## SUPPLIED INFORMATION
#####

Section QuasiQuadraticModule.
Variables (G : OAG) (K F : fieldType) (val : K -> option G) (pi : K -> F)
  (A M : K -> Prop).
Hypotheses (Hv : is_valuation val) (Hpi : is_residue_map val pi)
  (H2 : 2 \in [pchar F])
  (Hsq : forall x, strict_unit val pi x -> exists y : K, x = y * y)
  (HA : is_subring A) (HBA : forall x, valB val x -> A x) (HM : is_qqm A M).
Local Notation e := (oone G).
Local Notation S := (valset val M).

Lemma subring0 : A 0.
Proof. by case: HA => A1 /(_ 1 1 A1 A1) [+ _]; rewrite subrr. Qed.

Lemma qqm0 m : M m -> M 0.
Proof. by case: HM => _ _ /(_ 0 m subring0) Msq /Msq; rewrite expr0n mul0r. Qed.

(* Strict units have square roots inside B, hence inside A. *)
Lemma strict_unit_sqrt t : strict_unit val pi t -> exists2 y, A y & t = y ^+ 2.
Proof.
move=> t_su; have [y ty] := Hsq t_su; exists y; last by rewrite expr2.
by apply/HBA/valB_unit/(val_sq_unit Hv); rewrite -ty; case: t_su.
Qed.

Lemma qqm_absorbs c m : vlt (Some e) (val c) -> M m -> M (c * m).
Proof.
move=> c_max Mm; case: HM => _ MD Msq.
have [y Ay y2] := strict_unit_sqrt (strict_unit_1plus Hv Hpi c_max).
have [z Az z2] := strict_unit_sqrt (strict_unitN1 Hv Hpi H2).
have := MD _ _ (Msq _ _ Ay Mm) (Msq _ _ Az Mm).
by rewrite -y2 -z2 mulrDl mul1r mulN1r addrAC subrr add0r.
Qed.

Lemma qqm_upward m z g :
  M m -> m != 0 -> val m = Some g -> vlt (Some g) (val z) -> M z.
Proof.
move=> Mm m0 vm; case: (eqVneq z 0) => [-> _ | z0]; first exact: qqm0 Mm.
have [k vz] := val_neq0 Hv z0; rewrite vz => /vlt_Some gk.
rewrite -(divfK m0 z); apply: qqm_absorbs => //.
rewrite (valMS Hv vz (valV Hv m0 vm)); apply/vlt_Some.
by have := olt_mul2r (oinv g) gk; rewrite (omulC g) omulV.
Qed.

Lemma valset_mul g h : S g -> valset val A h -> S (omul g h).
Proof.
move=> [m [Mm m0 vm]] [a [Aa a0 va]]; case: HM => _ _ Msq.
have am0 : a * m != 0 by rewrite mulf_neq0.
have vam : val (a * m) = Some (omul g h) by rewrite (valMS Hv va vm) omulC.
case: (classic (e = h)) => [<- | neh]; first by rewrite omulr1; exists m.
exists (a * m); split=> //; case: (ole_total e h) => leh.
- apply: (qqm_upward Mm m0 vm); rewrite vam; apply/vlt_Some.
  by have := olt_mul2r g (conj leh neh); rewrite omul1 omulC.
- have a2m0 : a ^+ 2 * m != 0 by rewrite mulf_neq0 // expf_neq0.
  have va2m : val (a ^+ 2 * m) = Some (omul h (omul g h)).
    by rewrite expr2 -mulrA (valMS Hv va vam).
  apply: (qqm_upward (Msq _ _ Aa Mm) a2m0 va2m); rewrite vam; apply/vlt_Some.
  by have := olt_mul2r (omul g h) (conj leh (nesym neh)); rewrite omul1.
Qed.

Hypothesis Hproper : exists x, A x /\ ~ M x.

(* Condition (i): a proper M has all its values above those of units of A,
   since otherwise upward closure would put all of A into M. *)
Lemma valset_unit_bound g h :
  S g -> (exists2 x, unitA A x & val x = Some h) -> ole h g.
Proof.
move=> Sg [x [Ax [x0 Axi]] vx]; apply: NNPP => /olt_of_not_le gh.
case: Hproper => y [Ay]; apply.
case: (eqVneq y 0) => [-> | y0]; first by case: Sg => m [/qqm0].
have [k vy] := val_neq0 Hv y0.
have vyx := valMS Hv vy (valV Hv x0 vx).
have Ayx : A (y * x^-1) by case: HA => _ /(_ _ _ Ay Axi) [].
have yx0 : y * x^-1 != 0 by rewrite mulf_neq0 // invr_neq0.
have [m [Mm m0 vm]] := valset_mul Sg (ex_intro _ _ (And3 Ayx yx0 vyx)).
apply: (qqm_upward Mm m0 vm); rewrite vy; apply/vlt_Some.
by have := olt_mul2r (omul k (oinv h)) gh; rewrite omul_oinvK.
Qed.

Lemma well_behaved_valset : well_behaved val A S.
Proof.
split; [| exact: valset_unit_bound | exact: valset_mul].
by move=> g [x [Mx x0 vx]]; exists x; split=> //; case: HM => /(_ x Mx).
Qed.

Hypothesis Hnonzero : exists x, M x /\ x != 0.

Lemma qqm_Gamma1 : ~ (exists g, is_smallest S g) -> forall x, M x <-> Gamma1 val A S x.
Proof.
move=> nmin x; split=> [Mx | [[Ax [x0 [g vx Sg]]] | ->]].
- case: (eqVneq x 0) => [-> | x0]; [by right | left].
  have [g vx] := val_neq0 Hv x0.
  by split; [case: HM => /(_ x Mx) | split=> //; exists g => //; exists x].
- apply: NNPP => nMx; apply: nmin; exists g; split=> // h [m [Mm m0 vm]].
  apply: NNPP => /olt_of_not_le hg; apply: nMx.
  by apply: (qqm_upward Mm m0 vm); rewrite vx; apply/vlt_Some.
- by case: Hnonzero => m [/qqm0].
Qed.

Variable gmin : G.
Hypothesis Hgmin : is_smallest S gmin.

(* A least value forces A = B: an element of A of value < e would
   produce a smaller value in S. *)
Lemma subring_eq_valring x : A x <-> valB val x.
Proof.
split=> [Ax | /HBA //]; rewrite /valB.
case: (eqVneq x 0) => [-> | x0]; first by rewrite (val0 Hv).
have [h vx] := val_neq0 Hv x0; rewrite vx /=; apply: NNPP => /olt_of_not_le he.
case: Hgmin => Sg /(_ _ (valset_mul Sg (ex_intro _ x (And3 Ax x0 vx)))).
by apply: olt_le_false; have := olt_mul2r gmin he; rewrite omul1 omulC.
Qed.

Variable pan : K -> F.
Hypothesis Hpan : is_pan val pi pan.

(* Elements of value gmin with the angular component of an element of M
   differ from it by a unit square, hence lie in M. *)
Lemma qqm_gmin_component x m :
  M m -> m != 0 -> val m = Some gmin -> val x = Some gmin -> pan m = pan x -> M x.
Proof.
move=> Mm m0 vm vx pmx; case: Hpan => _ [_ _ _ [_ pan_sq] _].
have sq : sqclass_eq gmin gmin by exists e; rewrite omul1 omulr1.
have [u u0 xu] := pan_sq m x gmin gmin vm vx sq pmx.
have [k vu] := val_neq0 Hv u0.
have vu2 : val (u * u) = Some e.
  rewrite (valMS Hv vu vu); congr Some.
  move: vx; rewrite xu expr2 (valMS Hv (valMS Hv vu vu) vm) => -[].
  by rewrite -{2}[gmin]omul1 => /omul_cancel_r.
have Au : A u by apply/HBA/valB_unit/(val_sq_unit Hv).
by rewrite xu; case: HM => _ _ /(_ u m Au Mm).
Qed.

Lemma qqm_Gamma2 x : M x <-> Gamma2 val A pan gmin (Mg val pan M gmin) x.
Proof.
case: Hgmin => [[m [Mm m0 vm]] gmin_least]; split=> [Mx | [Ax [[vx Npx] | gx]]].
- split; first by case: HM => /(_ x Mx).
  case: (eqVneq x 0) => [-> | x0]; first by rewrite (val0 Hv); right.
  have [g vx] := val_neq0 Hv x0; rewrite vx.
  case: (classic (gmin = g)) => [eq_g | neg].
    by subst g; left; split=> //; left; exists x; split.
  by right; apply/vlt_Some; split=> //; apply: gmin_least; exists x.
- have x0 : x != 0 by apply: contraPneq vx => ->; rewrite (val0 Hv).
  case: Npx => [[m' [Mm' m'0 vm' pmx]] | px0].
  + exact: qqm_gmin_component Mm' m'0 vm' vx pmx.
  + by case: Hpan => /(_ x x0); rewrite px0 eqxx.
- exact: qqm_upward Mm m0 vm gx.
Qed.

End QuasiQuadraticModule.

Theorem mainTheorem19 (G : OAG) (K F : fieldType) (val : K -> option G)
  (pi : K -> F) (pan : K -> F) (A M : K -> Prop) :
  is_valuation val ->
  is_residue_map val pi ->
  (2 \in [pchar F]) ->
  (forall x, strict_unit val pi x -> exists y : K, x = y * y) ->
  is_pan val pi pan ->
  is_subring A ->
  (forall x, valB val x -> A x) ->
  is_qqm A M ->
  (exists x, M x /\ x != 0) ->
  (exists x, A x /\ ~ M x) ->
  let S := valset val M in
  well_behaved val A S /\
  (let P1 := (~ exists g, is_smallest S g) /\ (forall x, M x <-> Gamma1 val A S x) in
   let P2 := (forall x, A x <-> valB val x) /\
             exists gmin, is_smallest S gmin /\
               (forall x, M x <-> Gamma2 val A pan gmin (Mg val pan M gmin) x) in
   (P1 \/ P2) /\ ~ (P1 /\ P2)).
Proof.
move=> Hv Hpi H2 Hsq Hpan HA HBA HM Hnonzero Hproper /=.
split; first exact: well_behaved_valset Hv Hpi H2 Hsq HA HBA HM Hproper.
split; last by case=> [[nmin _] [_ [g [Sg _]]]]; apply: nmin; exists g.
case: (classic (exists g, is_smallest (valset val M) g)) => [[gmin Hgmin] | nmin].
- right; split; first exact (subring_eq_valring Hv Hpi H2 Hsq HA HBA HM Hgmin).
  by exists gmin; split=> //; exact (qqm_Gamma2 Hv Hpi H2 Hsq HA HBA HM Hgmin Hpan).
- left; split=> //; exact (qqm_Gamma1 Hv Hpi H2 Hsq HA HBA HM Hnonzero nmin).
Qed.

#####

## REQUIRED WORK
Your answer must be the lines above, unchanged, from the first one through the line that holds "Proof. by case: HM", inclusive, and no others.

## RESULT OF THIS EXERCISE
Section QuasiQuadraticModule.
Variables (G : OAG) (K F : fieldType) (val : K -> option G) (pi : K -> F)
  (A M : K -> Prop).
Hypotheses (Hv : is_valuation val) (Hpi : is_residue_map val pi)
  (H2 : 2 \in [pchar F])
  (Hsq : forall x, strict_unit val pi x -> exists y : K, x = y * y)
  (HA : is_subring A) (HBA : forall x, valB val x -> A x) (HM : is_qqm A M).
Local Notation e := (oone G).
Local Notation S := (valset val M).

Lemma subring0 : A 0.
Proof. by case: HA => A1 /(_ 1 1 A1 A1) [+ _]; rewrite subrr. Qed.

Lemma qqm0 m : M m -> M 0.
Proof. by case: HM => _ _ /(_ 0 m subring0) Msq /Msq; rewrite expr0n mul0r. Qed.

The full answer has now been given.